(* Let $f:[0,1]\to\mathbb{R}$ with $f(0),f(1)\in\mathbb{Z}$, let $n\in\mathbb{N}_+$, $n\ge 2$, and let $\Phi_n:[0,1]\to\mathbb{R}$ satisfy \[ \Phi_n\left(\tfrac{2}{n}\right)-2\Phi_n\left(\tfrac{1}{n}\right)+\Phi_n(0)\ge\binom{n}{2}^{-1}, \] \[ \Phi_n\left(\tfrac{k+2}{n}\right)-2\Phi_n\left(\tfrac{k+1}{n}\right)+\Phi_n\left(\tfrac{k}{n}\right)\ge\binom{n}{k}^{-1}+\binom{n}{k+2}^{-1},\quad k=1,\dots,n-3 \ (\text{when } n\ge 4), \] \[ \Phi_n(1)-2\Phi_n\left(\tfrac{n-1}{n}\right)+\Phi_n\left(\tfrac{n-2}{n}\right)\ge\binom{n}{n-2}^{-1}. \] If $f(x)-\Phi_n(x)$ is convex on $[0,1]$, then $\widetilde{B}_n(f)$ is convex on $[0,1]$.
   Context: For $n\in\mathbb{N}_+$ and $f:[0,1]\to\mathbb{R}$, $\widetilde{B}_n(f)(x):=\sum_{k=0}^n \left[f\left(\frac{k}{n}\right)\binom{n}{k}\right]x^k(1-x)^{n-k}$, where $[\alpha]$ is the largest integer $\le\alpha$. *)

From HB Require Import structures.
From mathcomp Require Import all_boot all_order all_algebra.
From mathcomp Require Import reals.
Set Implicit Arguments. Unset Strict Implicit. Unset Printing Implicit Defensive.
Import Order.TTheory GRing.Theory Num.Theory.
Local Open Scope ring_scope.

(* Modified Bernstein operator:
   Bt_n(f)(x) = sum_{k=0}^n [f(k/n) * C(n,k)] x^k (1-x)^(n-k),
   [a] = largest integer <= a (Num.floor). *)
Definition Btilde (R : realType) (n : nat) (f : R -> R) (x : R) : R :=
  \sum_(k < n.+1)
    (Num.floor (f (k%:R / n%:R) * ('C(n, k))%:R))%:~R
      * x ^+ k * (1 - x) ^+ (n - k).

Definition convex_on01 (R : realType) (g : R -> R) : Prop :=
  forall x y t : R, 0 <= x <= 1 -> 0 <= y <= 1 -> 0 <= t <= 1 ->
    g (t * x + (1 - t) * y) <= t * g x + (1 - t) * g y.

(* In the Bernstein basis, Btilde n f = sum_k c_k b_{n,k} with
   c_k = [f(k/n) C(n,k)] / C(n,k), and its second derivative is
   n(n-1) sum_k (Delta^2 c)_k b_{n-2,k}; as b_{n-2,k} >= 0 on [0,1], it suffices
   that Delta^2 c >= 0.  Flooring puts c_k below f(k/n) by less than
   e_k = 1/C(n,k), and not at all for k = 0, n where f is integer-valued, so
   (Delta^2 c)_k >= Delta^2 (f - Phi)(k/n) + (Delta^2 Phi(k/n) - e_k - e_{k+2}).
   The first term is nonnegative by convexity of f - Phi (midpoint inequality on
   the grid), the second is exactly the hypothesis on Phi. *)

From HB Require Import structures.
From mathcomp Require Import all_boot all_order all_algebra.
From mathcomp Require Import ring lra zify.
From mathcomp Require Import boolp reals interval_inference.
From mathcomp Require Import topology normedtype derive realfun convex.
Set Implicit Arguments.
Unset Strict Implicit.
Unset Printing Implicit Defensive.

Import Order.TTheory GRing.Theory Num.Theory numFieldNormedType.Exports.
Local Open Scope ring_scope.

Definition fdiff (R : zmodType) (c : nat -> R) (k : nat) : R := c k.+1 - c k.

Lemma binr_gt0 (R : numDomainType) n k : (k <= n)%N -> 0 < 'C(n, k)%:R :> R.
Proof. by move=> kn; rewrite ltr0n bin_gt0. Qed.

Section Bernstein.
Variable R : comNzRingType.
Implicit Types (m k : nat) (c : nat -> R).

Definition bernstein m k : {poly R} := 'C(m, k)%:R *: ('X^k * (1 - 'X) ^+ (m - k)).

Lemma bernstein_small m k : (m < k)%N -> bernstein m k = 0.
Proof. by move=> mk; rewrite /bernstein bin_small // scale0r. Qed.

Lemma deriv_bernstein0 m : (bernstein m.+1 0)^`() = - (m.+1%:R *: bernstein m 0).
Proof.
rewrite /bernstein !bin0 !scale1r !mul1r !subn0 deriv_exp derivB derivC derivX sub0r.
by rewrite scaler_nat; ring.
Qed.

Lemma deriv_bernsteinS m k :
  (bernstein m.+1 k.+1)^`() = m.+1%:R *: (bernstein m k - bernstein m k.+1).
Proof.
rewrite /bernstein derivZ derivM derivXn deriv_exp derivB derivC derivX sub0r subSS subnS.
have binSl : (m.+1 * 'C(m, k) = k.+1 * 'C(m.+1, k.+1))%N by rewrite -mul_bin_diag.
have binSr : (m.+1 * 'C(m, k.+1) = (m - k) * 'C(m.+1, k.+1))%N.
  by rewrite -(mul_bin_down m.+1 k.+1).
set j := (m - k)%N in binSr *.
rewrite -!mul_polyC !rmorph_nat.
transitivity ((('X^k * (1 - 'X) ^+ j) *+ (m.+1 * 'C(m, k))
               - ('X^(k.+1) * (1 - 'X) ^+ j.-1) *+ (m.+1 * 'C(m, k.+1)))%R : {poly R}).
  by rewrite binSl binSr !mulrnA; ring.
by rewrite !mulrnA; ring.
Qed.

Lemma deriv_bernstein_sum m c :
  (\sum_(k < m.+2) c k *: bernstein m.+1 k)^`() =
  m.+1%:R *: \sum_(k < m.+1) fdiff c k *: bernstein m k.
Proof.
have shift : \sum_(k < m.+1) c k.+1 *: bernstein m k.+1 =
             \sum_(k < m.+1) c k *: bernstein m k - c 0%N *: bernstein m 0.
  rewrite big_ord_recr /= bernstein_small // scaler0 addr0.
  by rewrite [in RHS]big_ord_recl addrC addKr.
rewrite raddf_sum big_ord_recl /= derivZ deriv_bernstein0.
under eq_bigr => k _ do rewrite derivZ /bump add1n deriv_bernsteinS scalerA mulrC -scalerA scalerBr.
under [in RHS]eq_bigr => k _ do rewrite scalerBl.
rewrite -scaler_sumr !sumrB shift.
rewrite -!mul_polyC; ring.
Qed.
End Bernstein.

Lemma deriv2_bernstein_sum (R : comNzRingType) m (c : nat -> R) :
  (\sum_(k < m.+3) c k *: bernstein R m.+2 k)^`()^`() =
  (m.+2 * m.+1)%:R *: \sum_(k < m.+1) fdiff (fdiff c) k *: bernstein R m k.
Proof. by rewrite deriv_bernstein_sum derivZ deriv_bernstein_sum scalerA natrM. Qed.

Lemma horner_bernstein (R : comNzRingType) m k (x : R) :
  (bernstein R m k).[x] = 'C(m, k)%:R * (x ^+ k * (1 - x) ^+ (m - k)).
Proof. by rewrite /bernstein !hornerE. Qed.

Lemma bernstein_ge0 (R : numDomainType) m k (x : R) :
  0 <= x <= 1 -> 0 <= (bernstein R m k).[x].
Proof.
case/andP=> x0 x1; rewrite horner_bernstein.
by rewrite !mulr_ge0 ?exprn_ge0 ?subr_ge0.
Qed.

Lemma derive1_horner (R : realType) (P : {poly R}) :
  'D_1 (horner P : R -> R^o) = horner P^`().
Proof. by apply/funext => x; rewrite -derive1E -derivE. Qed.

Lemma convex_on01_horner (R : realType) (P : {poly R}) :
  (forall x, 0 < x < 1 -> 0 <= P^`()^`().[x]) -> convex_on01 (horner P).
Proof.
move=> P''_ge0 x y t x01 y01 /andP[t0 t1].
wlog xy : x y t x01 y01 t0 t1 / x <= y.
  move=> hwlog; have [|/ltW yx] := leP x y; first exact: hwlog.
  have := hwlog y x (1 - t) y01 x01; rewrite subKr subr_ge0 lerBlDr lerDl.
  by move=> /(_ t1 t0 yx); rewrite [t * x + _]addrC [t * P.[x] + _]addrC.
move: x01 y01 => /andP[x0 _] /andP[_ y1].
have := @second_derivative_convex R (horner P) x y _ _ _ _ _ (Itv01 t0 t1) xy.
rewrite !convRE /=; apply.
- move=> z /andP[xz zy]; rewrite derive1_horner -derive1E -derivE.
  by apply: P''_ge0; rewrite (le_lt_trans x0 xz) (lt_le_trans zy y1).
- exact/cvg_at_left_filter/continuous_horner.
- exact/cvg_at_right_filter/continuous_horner.
- by move=> z _; exact: derivable_horner.
- by move=> z _; rewrite derive1_horner; exact: derivable_horner.
Qed.

Lemma convex_bernstein_sum (R : realType) n (c : nat -> R) : (2 <= n)%N ->
  (forall k, (k <= n - 2)%N -> 0 <= fdiff (fdiff c) k) ->
  convex_on01 (horner (\sum_(k < n.+1) c k *: bernstein R n k)).
Proof.
case: n => [|[|m]] // _ c''_ge0; apply: convex_on01_horner => x /andP[x0 x1].
rewrite deriv2_bernstein_sum hornerZ horner_sum mulr_ge0 // sumr_ge0 // => k _.
rewrite hornerZ mulr_ge0 //; last by rewrite bernstein_ge0 // !ltW.
by apply: c''_ge0; rewrite subn2 -ltnS.
Qed.

Lemma floor_mulr_divr_le (R : archiRealFieldType) (y C : R) : 0 < C ->
  (Num.floor (y * C))%:~R / C <= y.
Proof. by move=> C0; rewrite ler_pdivrMr // floor_le. Qed.

Lemma floor_mulr_divr_gt (R : archiRealFieldType) (y C : R) : 0 < C ->
  y - C^-1 < (Num.floor (y * C))%:~R / C.
Proof.
move=> C0; rewrite ltr_pdivlMr // mulrBl mulVf ?gt_eqF // ltrBlDr.
by have := floorD1_gt (y * C); rewrite intrD.
Qed.

Definition floor_err {R : numFieldType} n k : R :=
  if (0 < k < n)%N then 'C(n, k)%:R^-1 else 0.

Section Btilde.
Variables (R : realType) (n : nat) (f : R -> R).

Definition btilde_coef k : R :=
  (Num.floor (f (k%:R / n%:R) * 'C(n, k)%:R))%:~R / 'C(n, k)%:R.


Lemma Btilde_bernstein :
  Btilde n f = horner (\sum_(k < n.+1) btilde_coef k *: bernstein R n k).
Proof.
apply/funext => x; rewrite /Btilde horner_sum; apply: eq_bigr => k _.
rewrite hornerZ horner_bernstein /btilde_coef [RHS]mulrA divfK ?mulrA // gt_eqF //.
by rewrite binr_gt0 // -ltnS.
Qed.

Lemma btilde_coef_le k : (k <= n)%N -> btilde_coef k <= f (k%:R / n%:R).
Proof. by move=> kn; apply/floor_mulr_divr_le/binr_gt0. Qed.

Lemma btilde_coef_ge k : (0 < n)%N -> f 0 \is a Num.int -> f 1 \is a Num.int ->
  (k <= n)%N -> f (k%:R / n%:R) - floor_err n k <= btilde_coef k.
Proof.
move=> n0 f0 f1 kn; rewrite /floor_err /btilde_coef.
have [->|k0] := posnP k; first by rewrite /= mul0r bin0 !divr1 mulr1 floorK ?subr0.
have [->|kn'] := eqVneq k n.
  by rewrite ltnn andbF divff ?pnatr_eq0 -?lt0n // binn !mulr1 divr1 floorK ?subr0.
rewrite ltn_neqAle kn' kn /=.
exact/ltW/floor_mulr_divr_gt/binr_gt0.
Qed.

End Btilde.

Lemma convex_on01_delta2_ge0 (R : realType) (g : R -> R) n k :
  convex_on01 g -> (k.+2 <= n)%N ->
  0 <= g (k.+2%:R / n%:R) - 2 * g (k.+1%:R / n%:R) + g (k%:R / n%:R).
Proof.
move=> g_convex kn; have n0 : (0 < n)%N by lia.
have grid j : (j <= n)%N -> 0 <= (j%:R / n%:R : R) <= 1.
  by move=> jn; rewrite divr_ge0 //= ler_pdivrMr ?mul1r ?ler_nat // ltr0n.
have mid : 2^-1 * (k%:R / n%:R) + (1 - 2^-1) * (k.+2%:R / n%:R) = k.+1%:R / n%:R :> R.
  by rewrite -[k.+2]addn2 -[k.+1]addn1 !natrD; field; rewrite pnatr_eq0 -lt0n.
have := g_convex _ _ 2^-1 (grid k (ltnW (ltnW kn))) (grid k.+2 kn).
by rewrite mid invr_ge0 invf_le1 ?ler0n ?ler1n //= => /(_ isT); lra.
Qed.

Lemma floor_err_le_delta2 (R : realType) (Phi : R -> R) n :
  (2 <= n)%N ->
  Phi (2%:R / n%:R) - 2 * Phi (1 / n%:R) + Phi 0 >= ('C(n, 2))%:R^-1 ->
  (forall k : nat, (1 <= k)%N -> (k <= n - 3)%N ->
     Phi (k.+2%:R / n%:R) - 2 * Phi (k.+1%:R / n%:R) + Phi (k%:R / n%:R)
       >= ('C(n, k))%:R^-1 + ('C(n, k.+2))%:R^-1) ->
  Phi 1 - 2 * Phi ((n - 1)%:R / n%:R) + Phi ((n - 2)%:R / n%:R)
    >= ('C(n, n - 2))%:R^-1 ->
  forall k, (k <= n - 2)%N ->
  floor_err n k + floor_err n k.+2 <=
    Phi (k.+2%:R / n%:R) - 2 * Phi (k.+1%:R / n%:R) + Phi (k%:R / n%:R).
Proof.
case: n => [|[|m]] // _ Phi_first Phi_mid Phi_last k; rewrite !subSS subn0 /floor_err.
have binV_ge0 j : 0 <= 'C(m.+2, j)%:R^-1 :> R by rewrite invr_ge0 ler0n.
have [-> _|k0] := posnP k.
  by rewrite /= mul0r; case: ifP => _; move: Phi_first (binV_ge0 2%N); lra.
rewrite leq_eqVlt => /predU1P[->|km].
  rewrite ltnn andbF addr0 ltnS leqnSn /= divff ?pnatr_eq0 //.
  by move: Phi_last; rewrite !subSS !subn0.
have [k_lt k2_lt] : (k < m.+2)%N /\ (k.+2 < m.+2)%N by lia.
rewrite k_lt k2_lt /=; apply: Phi_mid => //; lia.
Qed.

Theorem proposition3p1 (R : realType) (f Phi : R -> R) (n : nat) :
  f 0 \is a Num.int -> f 1 \is a Num.int ->
  (2 <= n)%N ->
  Phi (2%:R / n%:R) - 2 * Phi (1 / n%:R) + Phi 0 >= ('C(n, 2))%:R^-1 ->
  (forall k : nat, (1 <= k)%N -> (k <= n - 3)%N ->
     Phi (k.+2%:R / n%:R) - 2 * Phi (k.+1%:R / n%:R) + Phi (k%:R / n%:R)
       >= ('C(n, k))%:R^-1 + ('C(n, k.+2))%:R^-1) ->
  Phi 1 - 2 * Phi ((n - 1)%:R / n%:R) + Phi ((n - 2)%:R / n%:R)
    >= ('C(n, n - 2))%:R^-1 ->
  convex_on01 (fun x => f x - Phi x) ->
  convex_on01 (Btilde n f).
Proof.
move=> f0 f1 n2 Phi_first Phi_mid Phi_last f_Phi_convex.
rewrite Btilde_bernstein; apply: convex_bernstein_sum => // k kn.
have k2n : (k.+2 <= n)%N by lia.
have n0 : (0 < n)%N by lia.
have err_le := floor_err_le_delta2 n2 Phi_first Phi_mid Phi_last kn.
have f_Phi_delta2 := convex_on01_delta2_ge0 f_Phi_convex k2n.
have coef_k := btilde_coef_ge n0 f0 f1 (ltnW (ltnW k2n)).
have coef_k2 := btilde_coef_ge n0 f0 f1 k2n.
have coef_k1 := btilde_coef_le f (ltnW k2n).
rewrite /fdiff; lra.
Qed.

-------------------------

Your output should be the lines from the one with "have err_le := floor_err_le_delta2" through the end of the records above, copied exactly.

have err_le := floor_err_le_delta2 n2 Phi_first Phi_mid Phi_last kn.
have f_Phi_delta2 := convex_on01_delta2_ge0 f_Phi_convex k2n.
have coef_k := btilde_coef_ge n0 f0 f1 (ltnW (ltnW k2n)).
have coef_k2 := btilde_coef_ge n0 f0 f1 k2n.
have coef_k1 := btilde_coef_le f (ltnW k2n).
rewrite /fdiff; lra.
Qed.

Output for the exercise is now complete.